I would even love to design something out of my comfort zone like, for instance, a book in the style of Antoine D’ágata. It is on my list to be a little over the edge and do something rawer. Artistic but maybe slightly shocking. Tasjaki by Henrik Purienne is a good example of what I would love to do, something uncomfortable yet soft and romantic. This project I would also rather do in a role of a photographer, not a designer.

janneke schrey

And what, in your opinion, could kill the design?
The wrong choice of paper. I personally really don't like shiny paper as it gives it more of a catalogue vibe. I love matte uncoated paper and this is what we work with at 1605 Publishers. Also, I think an overcrowded design can kill the work. Unless the project requires this kind of approach.

What is the most important thing to consider when designing a book?
Always consider the artist's vision and establish trust. Because can you imagine giving all your work to someone who will kill it and cast a shadow on your name? (laughing)

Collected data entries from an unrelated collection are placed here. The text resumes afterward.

(* For all $n\ge1$, \[ \sum_{\sigma\in\mathcal{R}_{2n}} t^{\mathrm{drop}(\sigma)}=\sum_{j=0}^{\lfloor n/2\rfloor}\gamma_{n,j}\,t^j(1+t)^{n-2j}, \] where $\gamma_{n,j}$ is the number of primary even-odd-drop permutations in $\mathcal{R}_{2n}$ with $j$ drops.
   Context: For $\sigma\in\mathfrak{S}_m$, a drop is a pair $(i,\sigma_i)$ with $i>\sigma_i$; $i$ is the drop top and $\sigma_i$ the drop bottom; $\mathrm{drop}(\sigma)$ is the number of drops. A drop is even-odd if $i$ is even and $\sigma_i$ is odd. $\mathcal{R}_{2n}$ is the set of permutations of $[2n]$ all of whose drops are even-odd. $\sigma\in\mathcal{R}_{2n}$ with drop tops $\{t_1,\dots,t_k\}$ and drop bottoms $\{b_1,\dots,b_k\}$ is a primary even-odd-drop permutation if for all $i,j$, $t_i>b_j$ implies $t_i-b_j\ge3$. *)

(* Permutations of [m] = {1..m} are modelled by 'S_m acting on
   'I_m = {0..m-1}; the element k : 'I_m stands for the integer k+1. *)
From HB Require Import structures.
From mathcomp Require Import all_boot all_order all_algebra all_fingroup.
Set Implicit Arguments. Unset Strict Implicit. Unset Printing Implicit Defensive.

Definition pos1 {m} (i : 'I_m) : nat := i.+1.
Definition val1 {m} (s : 'S_m) (i : 'I_m) : nat := (s i).+1.

Definition is_drop {m} (s : 'S_m) (i : 'I_m) : bool := val1 s i < pos1 i.

Definition drop_num {m} (s : 'S_m) : nat := #|[set i : 'I_m | is_drop s i]|.

Definition even_odd_drop {m} (s : 'S_m) (i : 'I_m) : bool :=
  [&& is_drop s i, ~~ odd (pos1 i) & odd (val1 s i)].

Definition in_R (n : nat) (s : 'S_(n.*2)) : bool :=
  [forall i, is_drop s i ==> even_odd_drop s i].

Definition primary (n : nat) (s : 'S_(n.*2)) : bool :=
  in_R s &&
  [forall i, forall j, (is_drop s i && is_drop s j) ==>
     ((val1 s j < pos1 i) ==> (3 <= pos1 i - val1 s j))].

Definition gamma (n j : nat) : nat :=
  #|[set s : 'S_(n.*2) | primary s & drop_num s == j]|.

From Pilot Require Import Defs.
From HB Require Import structures.
From mathcomp Require Import all_boot all_order all_algebra all_fingroup.
From mathcomp Require Import zify.
Import GRing.Theory.
Set Implicit Arguments. Unset Strict Implicit. Unset Printing Implicit Defensive.

(* Positions and values are 0-based here, so s is in R_{2n} iff every drop
   i (s i < i) sits at an odd position and has an even value.  Group the
   positions into n blocks {2k, 2k+1}; the profile of s records, for each
   block k, whether 2k+1 is a drop top and whether 2k is a drop bottom.
   Since a drop top is odd and a drop bottom even, the only way to violate
   primarity is a top 2k+1 above a bottom 2k, so s is primary iff no block
   of its profile is "full".

   The heart of the proof (nprof_set_full) is that filling an empty block
   does not change the number of permutations of R_{2n} with a given
   profile: the two classes are sent by one "pivot" transposition onto a
   common set, with fibres over u of sizes #{y < t <= u y} and
   #{p >= t > u p}, which agree for every permutation u (balance).  So the
   count only depends on the profile with full blocks cleared, and summing
   X^drop over all profiles above a full-free profile c0 gives
   X^(tops c0) (1 + X)^(empty blocks of c0).  For such profiles tops =
   bottoms = drops, so there are n - 2 drop empty blocks, and both sides of
   the theorem become the same sum over full-free profiles. *)

Lemma is_dropE m (s : 'S_m) i : is_drop s i = (s i < i)%N.
Proof. by rewrite /is_drop /Defs.val1 /pos1 ltnS. Qed.

Definition drop_tops m (s : 'S_m) : {set 'I_m} := [set i | is_drop s i].
Definition drop_bots m (s : 'S_m) : {set 'I_m} := s @: drop_tops s.

Lemma in_drop_bots m (s : 'S_m) v : (v \in drop_bots s) = is_drop s ((s^-1)%g v).
Proof.
apply/imsetP/idP => [[i]|Hv]; first by rewrite inE => Hi ->; rewrite permK.
by exists ((s^-1)%g v); rewrite ?inE ?permKV.
Qed.

Lemma in_RP n (s : 'S_(n.*2)) :
  reflect (forall i, is_drop s i -> odd i /\ ~~ odd (s i)) (in_R s).
Proof.
apply: (iffP forallP) => H i; last first.
  apply/implyP => Hi; have [Hodd Hev] := H i Hi.
  by rewrite /even_odd_drop /pos1 /Defs.val1 Hi /= Hodd.
move=> Hi; have := implyP (H i) Hi; rewrite /even_odd_drop /pos1 /Defs.val1 /=.
by rewrite negbK => /and3P [].
Qed.

Lemma in_RE n (s : 'S_(n.*2)) :
  in_R s = (drop_tops s \subset [set i : 'I__ | odd i])
        && (drop_bots s \subset [set v : 'I__ | ~~ odd v]).
Proof.
rewrite /drop_bots sub_imset_pre.
apply/in_RP/andP => [H | [/subsetP Ht /subsetP Hb] i Hi].
  split; apply/subsetP => i; rewrite !inE => /H []//.
by have := Ht i; have := Hb i; rewrite !inE Hi => /(_ isT) -> /(_ isT).
Qed.

Section Blocks.
Variable n : nat.

Lemma btop_subproof (k : 'I_n) : (k.*2.+1 < n.*2)%N.
Proof. by rewrite -doubleS leq_double. Qed.
Lemma bbot_subproof (k : 'I_n) : (k.*2 < n.*2)%N.
Proof. by rewrite ltn_double. Qed.
Lemma block_subproof (i : 'I_(n.*2)) : (i./2 < n)%N.
Proof. by rewrite ltn_half_double. Qed.

Definition btop (k : 'I_n) : 'I_(n.*2) := Ordinal (btop_subproof k).
Definition bbot (k : 'I_n) : 'I_(n.*2) := Ordinal (bbot_subproof k).
Definition block (i : 'I_(n.*2)) : 'I_n := Ordinal (block_subproof i).

Lemma bbot_lt_btop (k : 'I_n) : (bbot k < btop k)%N.
Proof. exact: ltnSn. Qed.

Lemma btop_inj : injective btop.
Proof. by move=> a b [/double_inj/val_inj]. Qed.
Lemma bbot_inj : injective bbot.
Proof. by move=> a b [/double_inj/val_inj]. Qed.

Lemma btop_block (i : 'I_(n.*2)) : odd i -> btop (block i) = i.
Proof. by move=> Hi; apply: val_inj; rewrite /= -{2}(odd_double_half i) Hi. Qed.
Lemma bbot_block (i : 'I_(n.*2)) : ~~ odd i -> bbot (block i) = i.
Proof. by move=> Hi; apply: val_inj; rewrite /= -{2}(odd_double_half i) (negbTE Hi). Qed.

End Blocks.

Lemma tperm_new_drop m (s : 'S_m) (y t : 'I_m) :
  (y <= s y)%N -> (s y < t)%N -> (t <= s t)%N ->
  drop_tops (tperm y t * s)%g = t |: drop_tops s /\
  drop_bots (tperm y t * s)%g = s y |: drop_bots s.
Proof.
move=> Hy Hyt Ht; set s' := (tperm y t * s)%g.
have s'E x : s' x = s (tperm y t x) by rewrite permM.
have yt : y != t by apply/eqP => E; move: Hyt Ht; rewrite E; lia.
have topsE : drop_tops s' = t |: drop_tops s.
  apply/setP => x; rewrite in_setU1 !inE !is_dropE s'E.
  case: (tpermP y t x) => [->|->|/eqP xy /eqP xt]; rewrite ?eqxx ?(negbTE xt) //.
  by rewrite (negbTE yt); lia.
split=> //; rewrite /drop_bots topsE imsetU1 s'E tpermR; congr (_ |: _).
apply: eq_in_imset => x; rewrite inE is_dropE => Hx; rewrite s'E tpermD //.
  by apply/eqP => E; move: Hx; rewrite -E; lia.
by apply/eqP => E; move: Hx; rewrite -E; lia.
Qed.

Lemma tperm_keep_drops m (s : 'S_m) (p t : 'I_m) :
  (s t < t)%N -> (t <= p)%N -> (s p < t)%N ->
  drop_tops (tperm p t * s)%g = drop_tops s /\
  drop_bots (tperm p t * s)%g = drop_bots s.
Proof.
move=> Ht Htp Hp; set s' := (tperm p t * s)%g.
have swap_drop x : is_drop s (tperm p t x) = is_drop s x.
  by rewrite !is_dropE; case: (tpermP p t x) => [->|->|//]; lia.
have dropE x : is_drop s' x = is_drop s x.
  by rewrite !is_dropE permM; case: (tpermP p t x) => [->|->|//]; lia.
have topsE : drop_tops s' = drop_tops s by apply/setP => x; rewrite !inE dropE.
split=> //; apply/setP => v; rewrite !in_drop_bots dropE invgM permM tpermV.
exact: swap_drop.
Qed.

Definition pivot m (b t : 'I_m) (s : 'S_m) : 'S_m := (tperm ((s^-1)%g b) t * s)%g.

Lemma pivot_fiber m (b t : 'I_m) (S : {set 'S_m}) (u : 'S_m) : u t = b ->
  #|[set s in S | pivot b t s == u]| = #|[set y | (tperm y t * u)%g \in S]|.
Proof.
move=> Hu; have tpermKg y s : (tperm y t * (tperm y t * s))%g = s.
  by rewrite mulgA tperm2 mul1g.
rewrite -(card_imset _ (f := fun y => (tperm y t * u)%g)); last first.
  move=> y1 y2 /= /(congr1 (fun s : 'S_m => s t)).
  by rewrite !permM !tpermR => /perm_inj.
apply: eq_card => s; rewrite inE; apply/andP/imsetP => [[Hs /eqP <-]|[y]].
  by exists ((s^-1)%g b); rewrite ?inE /pivot tpermKg.
rewrite inE => Hy ->; split=> //; apply/eqP; rewrite /pivot.
have -> : ((tperm y t * u)^-1)%g b = y.
  by apply: (@perm_inj _ (tperm y t * u)%g); rewrite permKV permM tpermL.
exact: tpermKg.
Qed.

Lemma card_fiber (T U : finType) (S : {set T}) (N : {set U}) (f : T -> U) :
  {in S, forall s, f s \in N} ->
  #|S| = \sum_(u in N) #|[set s in S | f s == u]|.
Proof.
move=> H; rewrite -sum1_card (partition_big f (mem N)) //=.
by apply: eq_bigr => u _; rewrite -sum1_card; apply: eq_bigl => s; rewrite inE.
Qed.

Lemma balance m (u : 'S_m) (t : nat) :
  #|[set y : 'I_m | (y < t)%N & (t <= u y)%N]|
  = #|[set p : 'I_m | (t <= p)%N & (u p < t)%N]|.
Proof.
set L := [set x : 'I_m | (x < t)%N]; set P := u @^-1: L.
have -> : [set y : 'I_m | (y < t)%N & (t <= u y)%N] = L :\: P.
  by apply/setP => x; rewrite !inE -leqNgt andbC.
have -> : [set p : 'I_m | (t <= p)%N & (u p < t)%N] = P :\: L.
  by apply/setP => x; rewrite !inE -leqNgt andbC.
have HPL : #|P| = #|L| by apply: card_preimset; exact: perm_inj.
by apply/eqP; rewrite -(eqn_add2l #|L :&: P|) {2}setIC cardsID cardsID HPL.
Qed.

What determines a specific design style in your case? What is your signature?
Minimalism and perfectionism, for instance, I am very picky with the tone of the paper. My work is clean and airy with plenty of white and black spaces around the images. As I have already mentioned, my personal preference is black and white work, but I do appreciate fall palette and nude colours.

In the past, you worked closely with fashion. How, in your opinion, do fashion and art relate?
Yes, a lot! It depends on the type of fashion, of course. But if we are talking about runway fashion and concept stores, then yes, 100%. On catwalks, the models present collections that are purely conceptual pieces created to show the artistic vision.

What is the distinct design style of 1605 Publishers?
It goes in line with my signature style: minimal, black and white, elegant, classy, yet contemporary. Here at 1605, with the team, we think and act out of the box.

How did you start at 1605 Publishers?
It all happened organically. The photographer Bastiaan Woudt wanted to establish a publishing house to publish his books. He also started an inspiring social media platform focused on the "are, bure, boke" photography style, which in Japanese means - "rough, blurred and out-of-focus." However, I suggested that we can make it bigger, creating not only a publishing house but also a platform that can involve not just photography but also design, architecture and painting. Apart from this, we also had an idea to create an online and print magazine where we will feature our art gems. Well, since we had the idea, we only needed to start the brand around it. And that's how we got here.

Right now, I am so grateful to be where I am - working in a beautiful studio with a supporting team and people who give you freedom and space to create something you love. And we want to continue designing even more books, create designer book-related pieces like bookstands and bookmarks, participate in art book fairs, do pop-up events and organise signing sessions. We want to shape the universe dedicated to art. So our audience can be inspired by what we do. And if we have that, there is nothing more to wish for.